Turkish Speech Recognition Based On Deep Neural Networks
Year 2018,
Volume: 22 Issue: Special, 319 - 329, 05.10.2018
Ussen Abre Kımanuka
,
Osman Buyuk
Abstract
In this paper we develop a Turkish speech recognition (SR) system using deep neural networks and compare it with the previous state-of-the-art traditional Gaussian mixture model-hidden Markov model (GMM-HMM) method using the same Turkish speech dataset and the same large vocabulary Turkish corpus. Nowadays most SR systems deployed worldwide and particularly in Turkey use Hidden Markov Models to deal with the speech temporal variations. Gaussian mixture models are used to estimate the amount at which each state of each HMM fits a short frame of coefficients which is the representation of an acoustic input. A deep neural network consisting of feed-forward neural network is another way to estimate the fit; this neural network takes as input several frames of coefficients and gives as output posterior probabilities over HMM states. It has been shown that the use of deep neural networks can outperform the traditional GMM-HMM in other languages such as English and German.
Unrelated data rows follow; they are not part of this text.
(* A binary relation (i.e. a structure $(X,\rho)$ with $\rho\subseteq X\times X$) is unary FA-presentable if and only if it is isomorphic to a binary relation obtained by propagating a unary FA-foundational binary relation.
   Context: A structure is unary FA-presentable if there exist a regular language $L\subseteq a^*$ over a one-letter alphabet and a surjection $\phi:L\to X$ such that, for each of the relations equality and $\rho$, the set of pairs $(u,v)\in L^2$ with $u\phi,v\phi$ related is a regular relation, i.e. $\{\mathrm{conv}(u,v)\}$ is a regular language, where $\mathrm{conv}(u,v)$ is the word over $\{a,\$\}^2$ reading $u,v$ in parallel with the shorter word padded by $\$$. A unary FA-foundational binary relation is a finite set $Q$ with a relation $\rho\subseteq Q\times Q$ and pairwise disjoint subsets $P_0,\dots,P_{n-1}$ ($n\ge 0$) called seeds, each $P_k=\{p^{(k)}_1,\dots,p^{(k)}_5\}$ with five distinct elements, such that, writing $Q'=Q\setminus(P_0\cup\dots\cup P_{n-1})$, for all $k,l\in\{0,\dots,n-1\}$ (possibly $k=l$) and all $q\in Q'$: (1) the statements $p^{(k)}_i\,\rho\,p^{(l)}_i$ for $i=1,\dots,5$ are all true or all false; (2) the statements $p^{(k)}_i\,\rho\,p^{(l)}_{i+1}$ for $i=1,\dots,4$ are all true or all false; (3) the statements $p^{(k)}_{i+1}\,\rho\,p^{(l)}_{i}$ for $i=1,\dots,4$ are all true or all false; (4) the statements $p^{(k)}_i\,\rho\,p^{(l)}_j$ for all $1\le i,j\le 5$ with $j-i\ge 2$ are all true or all false; (5) the statements $p^{(k)}_j\,\rho\,p^{(l)}_i$ for all $1\le i,j\le5$ with $j-i\ge 2$ are all true or all false; (6) the statements $q\,\rho\,p^{(k)}_i$ for $i=2,\dots,5$ are all true or all false; (7) the statements $p^{(k)}_i\,\rho\,q$ for $i=2,\dots,5$ are all true or all false. Propagating it yields the structure $(\hat Q,\hat\rho)$ where $\hat Q=Q'\cup\{p^{(k)}_i: 0\le k\le n-1,\ i\in\mathbb{N}=\{1,2,\dots\}\}$ (new distinct elements $p^{(k)}_i$ for $i\ge 6$), and $\hat\rho$ is defined by: for $p,q\in Q'$, $p\,\hat\rho\, q$ iff $p\,\rho\, q$; for $i,j\in\mathbb{N}$, $p^{(k)}_i\,\hat\rho\,p^{(l)}_j$ iff [$j=i$ and $p^{(k)}_1\rho p^{(l)}_1$] or [$j=i+1$ and $p^{(k)}_1\rho p^{(l)}_2$] or [$j=i-1$ and $p^{(k)}_2\rho p^{(l)}_1$] or [$j\ge i+2$ and $p^{(k)}_1\rho p^{(l)}_3$] or [$j\le i-2$ and $p^{(k)}_3\rho p^{(l)}_1$]; for $q\in Q'$: $q\,\hat\rho\,p^{(k)}_1$ iff $q\rho p^{(k)}_1$, and for $i\ge2$, $q\,\hat\rho\,p^{(k)}_i$ iff $q\rho p^{(k)}_2$; $p^{(k)}_1\,\hat\rho\,q$ iff $p^{(k)}_1\rho q$, and for $i\ge 2$, $p^{(k)}_i\,\hat\rho\,q$ iff $p^{(k)}_2\rho q$. (Then $\hat\rho$ restricted to $Q$ equals $\rho$.) *)

From mathcomp Require Import all_boot.
Set Implicit Arguments. Unset Strict Implicit. Unset Printing Implicit Defensive.

Record dfa (A : Type) := DFA {
  dstate : finType;
  dstart : dstate;
  dfinal : pred dstate;
  dtrans : dstate -> A -> dstate }.

Definition daccept (A : Type) (D : dfa A) (w : seq A) : bool :=
  @dfinal A D (foldl (@dtrans A D) (@dstart A D) w).

Definition regular_lang (A : Type) (K : seq A -> Prop) : Prop :=
  exists D : dfa A, forall w, daccept D w <-> K w.

(* Words over the one-letter alphabet {a} are a^m, encoded by m : nat
   (the word of length m over the alphabet unit). *)
Definition unary_regular (L : pred nat) : Prop :=
  regular_lang (fun w : seq unit => L (size w)).

(* Convolution conv(a^m, a^n) over {a,$}^2; letter true = a, false = $. *)
Definition conv (m n : nat) : seq (bool * bool) :=
  mkseq (fun i => (i < m, i < n)) (maxn m n).

Definition unary_regular_rel (R : nat -> nat -> Prop) : Prop :=
  regular_lang (fun w => exists m n, w = conv m n /\ R m n).

Definition unary_FA_presentable (X : Type) (rho : X -> X -> Prop) : Prop :=
  exists (L : pred nat) (phi : {m : nat | L m} -> X),
    unary_regular L /\
    (forall x : X, exists u, phi u = x) /\
    unary_regular_rel (fun m n => exists (hm : L m) (hn : L n),
                          phi (exist _ m hm) = phi (exist _ n hn)) /\
    unary_regular_rel (fun m n => exists (hm : L m) (hn : L n),
                          rho (phi (exist _ m hm)) (phi (exist _ n hn))).

Definition rel_iso (X Y : Type) (rX : X -> X -> Prop) (rY : Y -> Y -> Prop) :=
  exists f : X -> Y, bijective f /\ forall x y, rX x y <-> rY (f x) (f y).

(* Seeds: p k i is p^(k)_(i+1) for k < n and i : 'I_5 (0-based index i
   stands for the paper's index i+1). *)
Definition in_seed (Q : finType) (n : nat) (p : 'I_n -> 'I_5 -> Q) (q : Q) : bool :=
  [exists k, [exists i, p k i == q]].

Definition seed_const (Q : finType) (rho : rel Q) (n : nat)
    (p : 'I_n -> 'I_5 -> Q) (cnd : nat -> nat -> bool) : Prop :=
  forall (k l : 'I_n) (i j i' j' : 'I_5),
    cnd i j -> cnd i' j' -> rho (p k i) (p l j) = rho (p k i') (p l j').

Definition FA_foundational (Q : finType) (rho : rel Q) (n : nat)
    (p : 'I_n -> 'I_5 -> Q) : Prop :=
  (forall k l i j, p k i = p l j -> k = l /\ i = j) /\
  seed_const rho p (fun i j => j == i) /\
  seed_const rho p (fun i j => j == i.+1) /\
  seed_const rho p (fun i j => i == j.+1) /\
  seed_const rho p (fun i j => i.+2 <= j) /\
  seed_const rho p (fun i j => j.+2 <= i) /\
  (* conditions (6),(7): indices 2..5 (0-based 1..4) *)
  (forall (k : 'I_n) (q : Q) (i i' : 'I_5), ~~ in_seed p q ->
      0 < i -> 0 < i' ->
      rho q (p k i) = rho q (p k i') /\ rho (p k i) q = rho (p k i') q).

(* Elements: inl q for q in Q', inr (k, i) for p^(k)_(i+1), i : nat. *)
Definition prop_type (Q : finType) (n : nat) (p : 'I_n -> 'I_5 -> Q) : Type :=
  ({q : Q | ~~ in_seed p q} + ('I_n * nat))%type.

Definition s1 : 'I_5 := inord 0.
Definition s2 : 'I_5 := inord 1.
Definition s3 : 'I_5 := inord 2.

Definition prop_rel (Q : finType) (rho : rel Q) (n : nat) (p : 'I_n -> 'I_5 -> Q)
    (x y : prop_type p) : Prop :=
  match x, y with
  | inl q, inl q' => rho (sval q) (sval q')
  | inr (k, i), inr (l, j) =>
      (j = i /\ rho (p k s1) (p l s1)) \/
      (j = i.+1 /\ rho (p k s1) (p l s2)) \/
      (i = j.+1 /\ rho (p k s2) (p l s1)) \/
      (i.+2 <= j /\ rho (p k s1) (p l s3)) \/
      (j.+2 <= i /\ rho (p k s3) (p l s1))
  | inl q, inr (k, i) =>
      if i == 0 then rho (sval q) (p k s1) else rho (sval q) (p k s2)
  | inr (k, i), inl q =>
      if i == 0 then rho (p k s1) (sval q) else rho (p k s2) (sval q)
  end.

From mathcomp Require Import all_boot zify.
From Stdlib Require Import ClassicalEpsilon.
Set Implicit Arguments. Unset Strict Implicit. Unset Printing Implicit Defensive.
The fact that Turkish language is an agglutinative language and the lack of a huge amount of speech data complicate the design of a performant SR system. By making use of deep neural networks we will obviously improve the performance but still we will not achieve better result than English language due to the difference in the availability of speech data. We present various architectural and training techniques for the Turkish DNN-based models. The models are tested using a Turkish database collected from mobile devices. In the experiments, we observe that the Turkish DNN-HMM system have decreased the word error rate approximately 2.5% when compared to the GMM-HMM traditional system.
References
- [1] Baker, J.M., Glass, J., Khudanpur, S., Lee, C.H., Morgan, N., O’Shaugnessy, D. 2009. Research developments and directions in speech recognition and understanding, part 1. IEEE Signal Processing Magazine, vol. 26, no. 3, 75–80.
- [2] Baker, J.M., Glass, J., Khudanpur, S., Lee, C.H., Morgan, N., O’Shaugnessy, D. 2009. Research developments and directions in speech recognition and understanding, part 2. IEEE Signal Processing Magazine, vol. 26, no. 4, 78–85.
- [3] He, X., Deng, L., Chou., W. 2008. Discriminative learning in sequential pattern recognition. IEEE Signal Processing Magazine, vol. 25, no.5, 14– 36.
- [4] Valtchev, V., Young, S. J., Kapadia, S. 1993. MMI training for continuous phoneme recognition on the TIMIT database. In Proc. ICASSP, vol.2, 491–494.
- [5] Juang, B. H., Hou, W., Lee, C.H. 1997. Minimum classification error rate methods for speech recognition. IEEE Transactions on Speech and Audio Processing, vol. 5, no. 3, 257–265.
- [6] McDermott, E., Nakamura, A., Hazen, T.J. 2007. Discriminative training for large vocabulary speech recognition using minimum classification error. IEEE Transactions on Speech and Audio Processing, vol. 15, no. 1, 203–223.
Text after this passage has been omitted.